保育の「地図」と「物語」を描くあなたへ
書類作成は、「事務作業」ではありません。
それは、子どもたちの未来へ続く「地図」を作り、
成長という「物語」を紡ぐ、クリエイティブな時間です。
忙しい日々の中で、私たちはつい「書くこと」を目的にしてしまいがちです。 しかし、そのペンの先には、常に子どもたちの未来があります。
1. 指導計画は、保育の「カーナビ」です
書類を書くということは、カーナビに行き先をセットするようなもの。
- 目的地 (Goal):就学前や年度末に、こう育ってほしいという「願い」。
- ルート (Plan):そのために今、どう関わるかという「道筋」。
- 現在地 (You are here):今、目の前の子どもはどこにいて、何を感じているか。
「現在地」がわからなければ、どこへも行けません。
書類に向き合う本当の意義は、未来の計画を立てること以上に、「今の子どもの姿(現在地)」を解像度高く見つめ直すことにあります。

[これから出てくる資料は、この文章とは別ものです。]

Lemma cone_anti x : P x -> P (- x) -> x = 0.
Proof.
case: hP => _ _ P_N _ Px PNx.
have : (P `&` [set - y | y in P]) x by split => //; exists (- x); rewrite ?opprK.
by rewrite P_N.
Qed.

Lemma coneD x y : P x -> P y -> P (x + y).
Proof. by case: hP => _ _ _ PZD Px Py; have := PZD 1 x y ler01 Px Py; rewrite scale1r. Qed.

Lemma coneZ l x : 0 <= l -> P x -> P (l *: x).
Proof. by case: hP => _ _ _ PZD l0 Px; have := PZD l x 0 l0 Px cone0; rewrite addr0. Qed.

Lemma cle_refl x : cle P x x.
Proof. by rewrite /cle subrr; exact: cone0. Qed.

Lemma cle_trans y x z : cle P x y -> cle P y z -> cle P x z.
Proof. by rewrite /cle => xy yz; have := coneD yz xy; rewrite addrA subrK. Qed.

Lemma cle_anti x y : cle P x y -> cle P y x -> x = y.
Proof.
rewrite /cle => xy yx; apply/eqP; rewrite eq_sym -subr_eq0.
by apply/eqP/cone_anti; rewrite ?opprB.
Qed.

Lemma cle0P x : cle P 0 x <-> P x.
Proof. by rewrite /cle subr0. Qed.

Lemma cleD a b c e : cle P a b -> cle P c e -> cle P (a + c) (b + e).
Proof. by rewrite /cle => ab ce; have := coneD ab ce; rewrite opprD addrACA. Qed.

Lemma cleZ2l l a b : 0 <= l -> cle P a b -> cle P (l *: a) (l *: b).
Proof. by rewrite /cle -scalerBr; exact: coneZ. Qed.

Lemma cleZ2r l1 l2 v : l1 <= l2 -> P v -> cle P (l1 *: v) (l2 *: v).
Proof. by rewrite /cle -scalerBl -subr_ge0; exact: coneZ. Qed.

Lemma interior_coneD a p : interior P a -> P p -> interior P (a + p).
Proof.
move=> Pa Pp; have := nbhsB_subproof (@add_continuous E) p Pa.
by rewrite /interior addrC; apply: filterS => _ [y Py <-]; exact: coneD.
Qed.

Lemma interior_cone_eventually (c : nat -> R) e v : interior P e ->
  c @ \oo --> (0 : R) -> exists N, forall n, (N <= n)%N -> interior P (e - c n *: v).
Proof.
move=> Pe c0.
have Nc0 : (fun n => - c n) @ \oo --> (0 : R) by rewrite -oppr0; exact: cvgN.
have e_nbhs : nbhs e (interior P) by move: (open_interior P); rewrite openE; exact.
have [N _ N_int] := cvg_addZl0 v (w := e) Nc0 e_nbhs.
by exists N => n Nn; have := N_int n Nn; rewrite /= scaleNr.
Qed.

Lemma cle_cvg0_eq0 (c : nat -> R) x v : c @ \oo --> (0 : R) ->
  (forall n, cle P x (c n *: v)) -> P x -> x = 0.
Proof.
move=> c0 x_le Px; apply: cone_anti => //.
have Pclosed : closed P by case: hP.
apply: (closed_cvg _ Pclosed _ _ (cvg_addZl0 v (w := - x) c0)).
by apply: nearW => n /=; rewrite addrC; exact: x_le.
Qed.

Lemma riesz_sup_pair :
  riesz_space P -> forall a b : E, exists s, is_sup P [set a; b] s.
Proof.
move=> riesz a b; have [m [m_lb m_glb]] := riesz (- a) (- b).
have cleN x y : cle P (- x) (- y) <-> cle P y x by rewrite /cle opprK addrC.
exists (- m); split.
  move=> s [->|->]; apply/cleN; rewrite opprK; apply: m_lb; by [left|right].
move=> u u_ub; apply/cleN; rewrite opprK.
apply: m_glb => s [->|->]; apply/cleN; apply: u_ub; by [left|right].
Qed.

Lemma positive_op_cle (f : E -> E) a b : linear f -> positive_op P f ->
  cle P a b -> cle P (f a) (f b).
Proof. by move=> f_lin f_pos; rewrite /cle -(zmod_morphism_linear f_lin); exact: f_pos. Qed.

Section ConeMetric.
Variables (X : Type) (d : X -> X -> E).
Hypothesis hd : is_cone_metric P d.

Lemma cm_d0 x : d x x = 0.
Proof. by apply/hd.1. Qed.

Lemma cm_dC x y : d x y = d y x.
Proof.
by apply: cle_anti; [have := hd.2 x y x | have := hd.2 y x y]; rewrite cm_d0 add0r.
Qed.

Lemma cm_dge0 x y : P (d x y).
Proof.
have := hd.2 x x y; rewrite cm_d0 => /cle0P P2d.
have -> : d x y = (2^-1 : R) *: (d x y + d x y).
  by rewrite scalerDr -scalerDl -div1r -splitr scale1r.
by apply: coneZ; rewrite ?invr_ge0.
Qed.

Lemma cm_d_telescope (x : nat -> X) (B : nat -> R) v :
  (forall n, cle P (d (x n) (x n.+1)) ((B n - B n.+1) *: v)) ->
  forall n j, cle P (d (x n) (x (n + j)%N)) ((B n - B (n + j)%N) *: v).
Proof.
move=> d_step n; elim=> [|j IHj].
  by rewrite addn0 subrr scale0r cm_d0; exact: cle_refl.
rewrite addnS; apply: (cle_trans (hd.2 _ _ (x (n + j)%N))).
rewrite (cm_dC (x (n + j).+1)) -[B n](subrK (B (n + j)%N)) -addrA scalerDl.
exact: cleD.
Qed.

Lemma cm_cauchy_telescope (x : nat -> X) (B : nat -> R) v : P v ->
  (forall n, 0 <= B n) -> {homo B : m n / (m <= n)%N >-> n <= m} ->
  B @ \oo --> (0 : R) ->
  (forall n, cle P (d (x n) (x n.+1)) ((B n - B n.+1) *: v)) -> cm_cauchy P d x.
Proof.
move=> Pv B_ge0 B_noninc B0 d_step.
have d_le N m n : (N <= m)%N -> (N <= n)%N -> cle P (d (x m) (x n)) (B N *: v).
  wlog mn : m n / (m <= n)%N.
    move=> wlog_mn Nm Nn; have [/wlog_mn|/ltnW/wlog_mn] := leqP m n; first exact.
    by rewrite cm_dC; exact.
  move=> Nm _; rewrite -(subnKC mn); apply: (cle_trans (cm_d_telescope d_step _ _)).
  by apply: cleZ2r => //; have := B_noninc _ _ Nm; have := B_ge0 (m + (n - m))%N; lra.
move=> e; rewrite /cll subr0 => Pe.
have [N N_int] := interior_cone_eventually v Pe B0.
exists N => m n Nm Nn; rewrite /cll -[e](subrK (B N *: v)) -addrA.
exact: interior_coneD (N_int N (leqnn N)) (d_le N m n Nm Nn).
Qed.

Lemma cm_cauchy_geometric (x : nat -> X) (c k : R) v :
  P v -> 0 <= c -> 0 <= k < 1 ->
  (forall n, cle P (d (x n) (x n.+1)) ((c * k ^+ n) *: v)) -> cm_cauchy P d x.
Proof.
move=> Pv c0 /andP[k0 k1] d_step; pose B n := c / (1 - k) * k ^+ n.
have Bc_ge0 : 0 <= c / (1 - k) by rewrite divr_ge0 // subr_ge0 ltW.
apply: (@cm_cauchy_telescope _ B v) => //.
- by move=> n; rewrite mulr_ge0 // exprn_ge0.
- by move=> m n mn; rewrite ler_wpM2l // ler_wiXn2l // ltW.
- by have := cvg_geometric (c / (1 - k)) (z := k); rewrite ger0_norm //; exact.
- move=> n; have k1_neq0 : 1 - k != 0 by rewrite subr_eq0 eq_sym lt_eqF.
  by have -> : B n - B n.+1 = c * k ^+ n by rewrite /B exprS; field.
Qed.

Lemma cm_cvg_shift (x : nat -> X) l m :
  cm_cvg P d x l -> cm_cvg P d (fun n => x (m + n)%N) l.
Proof.
move=> xl e e0; have [N N_ll] := xl e e0.
by exists N => n Nn; apply: N_ll; rewrite (leq_trans Nn) ?leq_addl.
Qed.

Lemma condition_S_fixed (T : X -> set X) x :
  condition_S P d T -> dset P d x (T x) = 0 -> T x x.
Proof.
move=> hS dx0; have [f [fT f_le]] := hS 1 ltr01.
have := f_le x; rewrite dx0 scaler0 /cle sub0r => PNd.
have x_fx : x = f x by apply/hd.1/cone_anti => //; exact: cm_dge0.
by rewrite {2}x_fx.
Qed.

Section HausdorffDistance.
Hypothesis hex : inf_sup_exist P d.
Hypothesis riesz : riesz_space P.

Lemma dset_inf y A : BX P d A -> is_inf P [set d y z | z in A] (dset P d y A).
Proof. by move=> BA; apply: xgetPex; exact: hex.1. Qed.

Lemma dset_ge0 y A : BX P d A -> P (dset P d y A).
Proof.
move=> BA; apply/cle0P; apply: (dset_inf y BA).2 => _ [z _ <-].
by apply/cle0P; exact: cm_dge0.
Qed.

Lemma dset_mem y A : BX P d A -> A y -> dset P d y A = 0.
Proof.
move=> BA Ay; apply: cle_anti; last by apply/cle0P; exact: dset_ge0.
by rewrite -(cm_d0 y); apply: (dset_inf y BA).1; exists y.
Qed.

Lemma dset_le_hausd A B z : BX P d A -> BX P d B -> A z ->
  cle P (dset P d z B) (hausd P d A B).
Proof.
move=> BA BB Az; set sA := csup P [set dset P d x B | x in A].
have sA_sup : is_sup P [set dset P d x B | x in A] sA.
  by apply: xgetPex; exact: hex.2.
have H_sup : is_sup P [set sA; csup P [set dset P d y A | y in B]] (hausd P d A B).
  by apply: xgetPex; exact: riesz_sup_pair.
by apply: (cle_trans (sA_sup.1 _ _)); [exists z | apply: H_sup.1; left].
Qed.

Section WeakContraction.
Variables (L delta : E -> E) (T : X -> set X) (t : R).
Hypothesis hL : linear L.
Hypothesis delta_lin : linear delta.
Hypothesis delta_pos : positive_op P delta.
Hypothesis t_ge0 : 0 <= t.
Hypothesis delta_le : forall z, P z -> cle P (delta z) (t *: z).
Hypothesis hT : forall x, BX P d (T x).
Hypothesis hcontr : forall x y,
  cle P (hausd P d (T x) (T y)) (delta (d x y) + L (dset P d y (T x))).

Local Notation phi x := (dset P d x (T x)).

Lemma dset_image_le x y : T x y -> cle P (phi y) (delta (d x y)).
Proof.
move=> Txy; apply: (cle_trans (dset_le_hausd (hT x) (hT y) Txy)).
have L0 : L 0 = 0 by have := zmod_morphism_linear hL 0 0; rewrite !subrr.
by have := hcontr x y; rewrite (dset_mem (hT x) Txy) L0 addr0.
Qed.

Variables (f : X -> X) (c : R).
Hypothesis f_sel : forall x, T x (f x).
Hypothesis c_ge0 : 0 <= c.
Hypothesis f_le : forall x, cle P (d x (f x)) (c *: phi x).

Lemma dset_selector_le x : cle P (phi (f x)) ((c * t) *: phi x).
Proof.
apply: (cle_trans (dset_image_le (f_sel x))).
apply: (cle_trans (positive_op_cle delta_lin delta_pos (f_le x))).
rewrite (scalable_linear delta_lin) -scalerA; apply: cleZ2l => //.
exact/delta_le/dset_ge0.
Qed.

Lemma selector_orbit_le x0 n :
  cle P (phi (iter n f x0)) ((c * t) ^+ n *: phi x0) /\
  cle P (d (iter n f x0) (iter n.+1 f x0)) ((c * (c * t) ^+ n) *: phi x0).
Proof.
have phi_le : cle P (phi (iter n f x0)) ((c * t) ^+ n *: phi x0).
  elim: n => [|n IHn]; first by rewrite expr0 scale1r; exact: cle_refl.
  apply: (cle_trans (dset_selector_le _)).
  by rewrite exprS -[(_ * _ ^+ _) *: _]scalerA; apply: cleZ2l => //; rewrite mulr_ge0.
split=> //; apply: (cle_trans (f_le _)).
by rewrite -scalerA; exact: cleZ2l c_ge0 phi_le.
Qed.

End WeakContraction.
End HausdorffDistance.
End ConeMetric.
End Cone.

Unset Implicit Arguments. Set Strict Implicit.

Theorem theorem4 (R : realType) (E : topologicalLmodType R) (P : set E)
  (hP : is_cone P) (hRiesz : riesz_space P) (hsig : sigma_order_complete P)
  (X : Type) (hX : inhabited X) (d : X -> X -> E) (hd : is_cone_metric P d)
  (hcomp : cm_complete P d) (hex : inf_sup_exist P d)
  (L delta : E -> E) (hL : linear L) (hLpos : positive_op P L)
  (hdelta : Kplus P delta)
  (T : X -> set X) (hT : forall x, BX P d (T x))
  (hcontr : forall x y, cle P (hausd P d (T x) (T y))
                              (delta (d x y) + L (dset P d y (T x))))
  (hS : condition_S P d T)
  (hphi : LS P d (fun x => dset P d x (T x))) :
  exists xs : X, T xs xs.
Proof.
have [delta_lin delta_pos _ _ [t [/andP[t_ge0 t_lt1] delta_t]]] := hdelta.
have delta_le z : P z -> cle P (delta z) (t *: z) by move=> /delta_t[].
pose eps := (1 - t) / 2; pose c := 1 + eps; pose k := c * t.
have eps_gt0 : 0 < eps by rewrite divr_gt0 // subr_gt0.
have c_ge0 : 0 <= c by rewrite addr_ge0 // ltW.
have k_ge0 : 0 <= k by rewrite mulr_ge0.
have k_lt1 : k < 1 by rewrite /k /c /eps; nra.
have [f [f_sel f_le]] := hS eps eps_gt0.
have [x0] := hX; pose x n := iter n f x0; pose v := dset P d x0 (T x0).
have Pv : P v := dset_ge0 hP hd hex x0 (hT x0).
have orbit_le := selector_orbit_le hP hd hex hRiesz hL delta_lin delta_pos t_ge0
  delta_le hT hcontr f_sel c_ge0 f_le x0.
have x_cauchy : cm_cauchy P d x.
  apply: (cm_cauchy_geometric hP hd Pv c_ge0 (k := k)) => [|n]; first by rewrite k_ge0.
  exact: (orbit_le n).2.
have [xs x_xs] := hcomp x x_cauchy.
have phi_xs_le m : cle P (dset P d xs (T xs)) (k ^+ m *: v).
  apply: (hphi.1 _ _ _ _ (cm_cvg_shift m x_xs)) => n.
  apply: (cle_trans hP (orbit_le (m + n)%N).1).
  by apply: cleZ2r => //; rewrite ler_wiXn2l ?leq_addr // ltW.
have phi_xs0 : dset P d xs (T xs) = 0.
  apply: (cle_cvg0_eq0 hP _ phi_xs_le); last exact: dset_ge0.
  by apply: cvg_expr; rewrite ger0_norm.
by exists xs; exact: (condition_S_fixed hP hd hS phi_xs0).
Qed.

実際の保育という道では、計画通りに進まないことの方が多いでしょう。 しかし、それでいいのです。 興味が移れば、それは新しい景色の発見。「リルート(ルート変更)」するように、目の前の子どもの姿に合わせて計画を変えられることこそ、地図を持っているプロの証です。
2. 今日の遊びは、未来への「伏線」です
一見、意味のないような子どものイタズラや、繰り返される遊び。 それらはすべて、数ヶ月後、数年後の成長につながる「伏線」です。
今日の泥団子作りは...
未来の「探究心」への
伏線かもしれない
友達との小さないざこざは...
未来の「対話力」への
プロローグかもしれない
「5領域」や「カリキュラム」といった言葉は、難しく感じるかもしれません。 しかし、それは「この伏線(今の遊び)が、どんなクライマックス(未来の成長)に繋がるか」を読み解くためのガイドラインなのです。
書類を書くことは、
子どもたちへの
「ラブレター」を書くこと。
「こんな風に育ってほしい」「今のこの瞬間を大切にしたい」。
そんな願いを言葉にすることで、何気ない日常の保育が、意図を持った「教育」へと変わります。
さぁ、子どもたちと、どんな「ルート」を通って、どんな「物語」を創りますか?